The only reason i want this is just for gaming on 5.1 through spdif interface and nothing else. Thanks in advance and merry christmas!


----------



## oobymach (Dec 26, 2021)

Afaik spdif is stereo only, not surround.


----------



## Ferather (Dec 26, 2021)

X-Fi has DTS-Dolby for SPDIF multichannel. He is looking for solutions to run X-Fi on Windows 10.


----------



## FreedomEclipse (Dec 26, 2021)

First up. I dont have an X-fi surround pro 5.1. But i have had years of experience using Asus and Creative soundcards and hooking them up either via my Logitech Z5500 or Yamaha RX-V573 via TOSLink.

What is your signal chain? How are you hooking your XFi up to the speakers? 

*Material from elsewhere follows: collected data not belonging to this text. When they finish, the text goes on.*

(* Let $n>1$, let $q$ be an odd prime power, and let $\xi$ be a generator of ${\rm GF}(q)^\times$. Then ${\rm Sp}(2n,q)$ is generated by $\hat h_1(\xi)=\mathrm{diag}(\xi,1,\dots,1,\xi^{-1})$ and $\hat x_{12}(1)\,\hat w$, where $\hat x_{12}(1)=(I+E_{12})(I-E_{2n-1,2n})$ and $\hat w$ is the $2n\times 2n$ matrix whose nonzero entries are: $1$ in positions $(i+1,i)$ for $1\le i\le n-1$; $-1$ in position $(2n,n)$; $1$ in positions $(j-1,j)$ for $n+2\le j\le 2n$; and $1$ in position $(1,n+1)$. (For $n=2$ the generators are $\mathrm{diag}(\xi,1,1,\xi^{-1})$ and $\begin{pmatrix}1&0&1&0\\1&0&0&0\\0&1&0&1\\0&-1&0&0\end{pmatrix}$.)
   Context: ${\rm Sp}(2n,q)$ is the group of $2n\times 2n$ matrices $X$ over ${\rm GF}(q)$ with $X^tJX=J$, where $J=\sum_{i=1}^n\big(E_{i,2n+1-i}-E_{2n+1-i,i}\big)$. $E_{ij}$ is the matrix unit with $1$ in position $(i,j)$. For $1\le i\le n$ put $i'=2n+1-i$; $\hat h_i(\alpha)=h_i(\alpha)h_{i'}(\alpha^{-1})$ with $h_k(\alpha)$ the identity with $k$-th diagonal entry replaced by $\alpha$, and $\hat x_{ij}(\alpha)=x_{ij}(\alpha)x_{j'i'}(-\alpha)$ with $x_{ij}(\alpha)=I+\alpha E_{ij}$. The matrix $\hat w$ is the permutation matrix (entry $(\sigma(j),j)$ equal to $1$) of the $2n$-cycle $\sigma=(1,2,\dots,n,1',2',\dots,n')$ with its $(2n,n)$ entry replaced by $-1$. *)

(* Matrices over a finite field F, of size 2n = n.*2.
   Indices are 0-based here: the paper's (1-based) row/column k is our k-1. *)
From HB Require Import structures.
From mathcomp Require Import all_boot all_order all_algebra all_fingroup all_field.
Set Implicit Arguments. Unset Strict Implicit. Unset Printing Implicit Defensive.
Import GRing.Theory.
Local Open Scope ring_scope.

Section SpDefs.
Variable F : fieldType.
Variable n : nat.
Local Notation N := (n.*2).

(* matrix unit E_{a+1,b+1} (0-based indices a b) *)
Definition Emx (a b : nat) : 'M[F]_N :=
  \matrix_(i < N, j < N) ((nat_of_ord i == a) && (nat_of_ord j == b))%:R.

Definition Jmx : 'M[F]_N := \sum_(i < n) (Emx i (N.-1 - i) - Emx (N.-1 - i) i).

Definition inSp (X : 'M[F]_N) : Prop := X^T *m Jmx *m X = Jmx.

(* hat h_1(xi) = h_1(xi) h_{1'}(xi^-1) = diag(xi,1,...,1,xi^-1) *)
Definition hmx (k : nat) (a : F) : 'M[F]_N := 1%:M + (a - 1) *: Emx k k.
Definition hat_h1 (xi : F) : 'M[F]_N := hmx 0 xi *m hmx N.-1 xi^-1.

Definition hat_x12_1 : 'M[F]_N := (1%:M + Emx 0 1) *m (1%:M - Emx (N.-2) (N.-1)).

Definition hat_w : 'M[F]_N :=
  \matrix_(i < N, j < N)
    (if ((j : nat) <= n - 2)%N && ((i : nat) == j.+1) then 1
     else if ((i : nat) == N.-1) && ((j : nat) == n.-1) then -1
     else if (n.+1 <= j)%N && ((j : nat) <= N.-1)%N && ((i : nat) == j.-1) then 1
     else if ((i : nat) == 0%N) && ((j : nat) == n) then 1
     else 0).

End SpDefs.

Inductive gen_by (F : fieldType) (m : nat) (S : 'M[F]_m -> Prop) : 'M[F]_m -> Prop :=
| gen_base X : S X -> gen_by S X
| gen_one : gen_by S 1%:M
| gen_mul X Y : gen_by S X -> gen_by S Y -> gen_by S (X *m Y)
| gen_inv X : gen_by S X -> gen_by S (invmx X).

From HB Require Import structures.
From mathcomp Require Import all_boot all_order all_algebra all_fingroup all_field.
From mathcomp Require Import zify ring.
Set Implicit Arguments. Unset Strict Implicit. Unset Printing Implicit Defensive.
Import GRing.Theory.
Local Open Scope ring_scope.

(* First, a subgroup H of Sp(2n) containing every symplectic
   transvection [x |-> x + a omega(v, x) v] is all of Sp(2n): by Witt's argument H acts
   transitively on hyperbolic pairs orthogonal to the first k standard ones, so a
   symplectic matrix can be corrected inside H to fix one more standard pair.
   Second, such an H contains every transvection as soon as it contains those along
   basis vectors and the Siegel elements [siegel e_0 e_(N-1-j)], since these move
   any nonzero vector to a basis vector.
   For the group generated by h = hat_h1(xi) and a = hat_x12(1) hat_w: conjugating h
   by a, and dividing by the conjugate of the result under h, leaves a nontrivial
   root element (this uses xi <> 1); conjugation by h scales its parameter by a
   power of xi, a generator of GF(q)^*, so all root elements x12(t), and then
   hat_w = x12(-1) a, lie in the group. Conjugates of x12(t) by powers of hat_w give
   the required Siegel elements, and their commutators the transvections along basis
   vectors (q odd lets us divide by 2). *)

Ltac case_ifs := repeat match goal with
  | |- context [if ?c then _ else _] => case: (boolP c) => /= ?
  | |- context [nat_of_bool ?c] => case: (boolP c) => /= ?
  | H : context [if ?c then _ else _] |- _ => move: H; case: (boolP c) => /= ? ?
  end; try (exfalso; lia).

Lemma sum_nat_pick (R : pzSemiRingType) (m a : nat) (P : nat -> bool) :
  \sum_(k < m) (((a == k) && P k)%:R : R) = ((a < m)%N && P a)%:R.
Proof.
elim: m => [|m IH]; first by rewrite big_ord0 ltn0.
rewrite big_ord_recr /= IH.
case: (ltngtP a m) => am.
- by rewrite (_ : (a < m.+1)%N) ?addr0 //; lia.
- by rewrite (_ : (a < m.+1)%N = false) ?addr0 //; lia.
- by rewrite am ltnSn add0r.
Qed.

Lemma sum_antipodal (V : zmodType) (m : nat) (f : nat -> V) :
  (forall k, (k < m.*2)%N -> f (m.*2.-1 - k)%N = - f k) ->
  \sum_(0 <= k < m.*2) f k = 0.
Proof.
move=> fN; rewrite (@big_cat_nat _ _ _ m) //=; last lia.
have -> : \sum_(m <= k < m.*2) f k = \sum_(0 <= k < m) f (k + m)%N.
  by rewrite -{1}[m]add0n big_addn -addnn addnK.
rewrite [X in _ + X]big_nat_rev add0n.
rewrite [X in _ + X](eq_big_nat _ _ (F2 := fun k => - f k)) ?sumrN ?subrr //.
by move=> k km; rewrite -fN; [congr f|]; lia.
Qed.

Section SymplecticGroup.
Variables (F : fieldType) (n : nat).
Hypothesis n_gt0 : (0 < n)%N.
Local Notation N := (n.*2).
Local Notation J := (Jmx F n).

Lemma Jmx_entry (i j : 'I_N) : J i j =
  if ((i : nat) + j == N.-1)%N then (if (i < n)%N then 1 else -1) else 0.
Proof.
rewrite /Jmx summxE.
under eq_bigr => k _ do rewrite !mxE.
rewrite sumrB (sum_nat_pick _ _ _ (fun k => (j : nat) == N.-1 - k)%N).
under eq_bigr => k _ do rewrite andbC.
rewrite (sum_nat_pick _ _ _ (fun k => (i : nat) == N.-1 - k)%N).
have hi := ltn_ord i; have hj := ltn_ord j.
case: ifP => /eqP E.
  case: ifP => lt.
    have -> : ((j : nat) == N.-1 - i)%N by apply/eqP; lia.
    have -> : (j < n)%N = false by lia.
    by rewrite /= subr0.
  have -> : (j < n)%N by lia.
  have -> : ((i : nat) == N.-1 - j)%N by apply/eqP; lia.
  by rewrite /= sub0r.
have -> : ((j : nat) == N.-1 - i)%N = false by apply/negbTE/eqP; lia.
have -> : ((i : nat) == N.-1 - j)%N = false by apply/negbTE/eqP; lia.
by rewrite !andbF subr0.
Qed.

Lemma double_gt0 : (0 < N)%N. Proof. lia. Qed.

(* Basis vectors and coordinates are indexed by [nat]: [ordN k] is the index
   [k] when [k < N], and the junk index [0] otherwise. *)
Definition ordN (k : nat) : 'I_N := insubd (Ordinal double_gt0) k.
Definition evec (k : nat) : 'cV[F]_N := \col_(i < N) ((i : nat) == k)%:R.
Definition coord (x : 'cV[F]_N) (k : nat) : F := x (ordN k) 0.
Definition sform (x y : 'cV[F]_N) : F := (x^T *m J *m y) 0 0.
Definition Jsign (k : nat) : F := if (n <= k)%N then 1 else -1.

Lemma ordNK k : (k < N)%N -> ordN k = k :> nat.
Proof. by move=> kN; rewrite /ordN val_insubd kN. Qed.

Lemma ordN_val (i : 'I_N) : ordN i = i.
Proof. by apply: val_inj; rewrite /= ordNK. Qed.

Lemma evecE k i j : evec k i j = ((i : nat) == k)%:R.
Proof. by rewrite mxE. Qed.

Lemma mulmx_evec m (A : 'M[F]_(m, N)) k i j :
  (k < N)%N -> (A *m evec k) i j = A i (ordN k).
Proof.
move=> kN; rewrite mxE (bigD1 (ordN k)) //= big1 ?addr0.
  by rewrite evecE ordNK // eqxx mulr1.
move=> l /negbTE lk; rewrite evecE.
have -> : ((l : nat) == k) = false.
  by apply/negbTE; apply: contraFN lk => /eqP <-; rewrite ordN_val.
by rewrite mulr0.
Qed.

Lemma eq_mulmx_evec m (A B : 'M[F]_(m, N)) :
  (forall k, (k < N)%N -> A *m evec k = B *m evec k) -> A = B.
Proof.
move=> AB; apply/matrixP => i j.
by have /matrixP /(_ i 0) := AB j (ltn_ord j); rewrite !mulmx_evec // ordN_val.
Qed.

Lemma coordD x y k : coord (x + y) k = coord x k + coord y k.
Proof. by rewrite /coord mxE. Qed.
Lemma coordZ a x k : coord (a *: x) k = a * coord x k.
Proof. by rewrite /coord mxE. Qed.
Lemma coordN x k : coord (- x) k = - coord x k.
Proof. by rewrite /coord mxE. Qed.
Lemma coord0 k : coord 0 k = 0.
Proof. by rewrite /coord mxE. Qed.
Lemma coord_evec l k : (k < N)%N -> coord (evec l) k = (k == l)%:R.
Proof. by move=> kN; rewrite /coord evecE ordNK. Qed.

Definition coordE := (coordD, coordZ, coordN).

Lemma eq_coord (x y : 'cV[F]_N) :
  (forall k, (k < N)%N -> coord x k = coord y k) -> x = y.
Proof.
move=> xy; apply/matrixP => i j; rewrite (ord1 j).
by have := xy i (ltn_ord i); rewrite /coord ordN_val.
Qed.

Lemma exists_coord_neq0 (x : 'cV[F]_N) : x != 0 -> exists2 l, (l < N)%N & coord x l != 0.
Proof.
move=> x0; have /existsP [l xl] : [exists l : 'I_N, coord x l != 0].
  apply: contraNT x0 => /existsPn all0; apply/eqP/eq_coord => k kN.
  by rewrite coord0; apply/eqP/negbNE; exact: (all0 (Ordinal kN)).
by exists l => //; exact: ltn_ord.
Qed.

Lemma Jsign_lo k : (k < n)%N -> Jsign k = -1.
Proof. by rewrite /Jsign; case: ifP => //; lia. Qed.
Lemma Jsign_hi k : (n <= k)%N -> Jsign k = 1.
Proof. by rewrite /Jsign => ->. Qed.
Lemma Jsign_neq0 k : Jsign k != 0.
Proof. by rewrite /Jsign; case: ifP => _; rewrite ?oppr_eq0 oner_eq0. Qed.
Lemma Jsign_rev k : (k < N)%N -> Jsign (N.-1 - k) = - Jsign k.
Proof. by move=> kN; rewrite /Jsign; case_ifs; rewrite ?opprK. Qed.

Lemma Jmx_evec k : (k < N)%N -> J *m evec k = Jsign k *: evec (N.-1 - k).
Proof.
move=> kN; apply/matrixP => i j; rewrite mulmx_evec // !mxE Jmx_entry ordNK // /Jsign.
have hi := ltn_ord i.
case: ifP => /eqP E.
  have -> : ((i : nat) == N.-1 - k)%N by apply/eqP; lia.
  by case: ifP => a; case: ifP => b; rewrite ?mulr1 //; lia.
have -> : ((i : nat) == N.-1 - k)%N = false by apply/negbTE/eqP; lia.
by rewrite mulr0.
Qed.

Lemma trmx_Jmx : J^T = - J.
Proof.
apply/matrixP => i j; rewrite !mxE !Jmx_entry addnC.
have hi := ltn_ord i; have hj := ltn_ord j.
case: ifP => /eqP E //; last by rewrite oppr0.
by case: ifP => a; case: ifP => b; rewrite ?opprK //; lia.
Qed.

Lemma Jmx_sqr : J *m J = - 1%:M.
Proof.
apply: eq_mulmx_evec => k kN; rewrite -mulmxA Jmx_evec // -scalemxAr Jmx_evec; last lia.
rewrite scalerA Jsign_rev // mulNmx mul1mx (_ : N.-1 - (N.-1 - k) = k)%N; last lia.
rewrite mulrN scaleNr (_ : Jsign k * Jsign k = 1) ?scale1r //.
by rewrite /Jsign; case: ifP => _; rewrite ?mulrNN mulr1.
Qed.

Lemma sform_anti x y : sform x y = - sform y x.
Proof.
have E : (x^T *m J *m y)^T = - (y^T *m J *m x).
  by rewrite !trmx_mul trmxK trmx_Jmx mulNmx mulmxN mulmxA.
rewrite /sform; transitivity ((x^T *m J *m y)^T 0 0); first by rewrite [RHS]mxE.
by rewrite E mxE.
Qed.

Lemma sform_eq0_sym x y : sform x y = 0 -> sform y x = 0.
Proof. by rewrite sform_anti => /eqP; rewrite oppr_eq0 => /eqP. Qed.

Normally to get DTS to work you need a DTS capable decoder. My Z5500 had this and so does my current RX-V573. If you dont have a DTS capable decoder then the only real thing you can do is either get a cheap AVR decoder or a set of speakers that does like the Logitech Z906

Video players might also need to be configured to pass through DTS signals to your speakers.


----------



## snaker1 (Dec 26, 2021)

For start I tried all of the official sound card drivers i found on creative website. I also found official older drivers that where made for the v3, just to make the card work with no luck at all. 
Drivers install but dont show any version at device manager (like corrupted install), sound card doesnt work and all the apps that install with the creative installer (creative entertainment console, creative audio control panel) show "There are no supported audio device available", which is not true as i am 100% sure these are the correct drivers for this product. Creative simply dropped the support for these older cards along the way as windows 10 dropped the support for flash player on windows 10 after an update on octomber of 2020 i think. 

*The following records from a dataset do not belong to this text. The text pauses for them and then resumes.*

Lemma mono_entry_ext a g g' h h' : {in I, g =1 g'} -> {in I, h =1 h'} ->
  mono_entry a g h = mono_entry a g' h'.
Proof.
move=> eg eh; rewrite /mono_entry; congr (if _ then _ else _).
by apply: eq_forallb_in => i iI; rewrite eg ?eh.
Qed.

Lemma Mentry_ext u g g' h h' : {in I, g =1 g'} -> {in I, h =1 h'} ->
  Mentry I u g h = Mentry I u g' h'.
Proof.
move=> eg eh; rewrite !Mentry_sum; apply: eq_bigr => p _.
by rewrite (mono_entry_ext _ eg eh).
Qed.

Definition vanishes_offI (x : {ffun 'I_n -> nat}) :=
  forall i, i \notin I -> x i = 0%N.

Lemma mono_act_vanishes b h : vanishes_offI (mono_act b h).
Proof. by move=> i iI; rewrite ffunE (negbTE iI). Qed.

Lemma mono_entry_neq0 b (x : {ffun 'I_n -> nat}) h :
  vanishes_offI x -> mono_entry b x h != 0 -> x = mono_act b h.
Proof.
move=> x0; rewrite /mono_entry.
case: ifP => [/forall_inP xh _|]; last by rewrite eqxx.
apply/ffunP => i; rewrite ffunE; case: ifP => iI; last by rewrite x0 ?iI.
by case/andP: (xh i iI) => _ /eqP.
Qed.

Definition Sdiag u (D : ('I_n -> nat) -> F) :=
  forall g h, Mentry I u g h = if [forall i in I, g i == h i] then D h else 0.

But if i let windows install the microsoft driver for the sound card from windows update it installs a microsoft driver with version number 10.0.19041.1202 with date 26-Aug-21. Thus, even though the card works with this driver the apps continue to show the same error message "There are no supported audio device available" and maybe this is due to the microsoft driver or the drop of flash player support on windows 10. 
Maybe v3 has its own drivers compared to v1 or v2 and i am saying that because i found some old drivers that where patched from the community for dts interactive and dd live, but they didnt work in my case. These patched drivers dont install at all on my sytem and the reasons that i can think of is either the drivers dont work at my windows 10 version 21h1 or the hardware is different on v3 and the patched drivers are from previous versions of the card like v1 or v2.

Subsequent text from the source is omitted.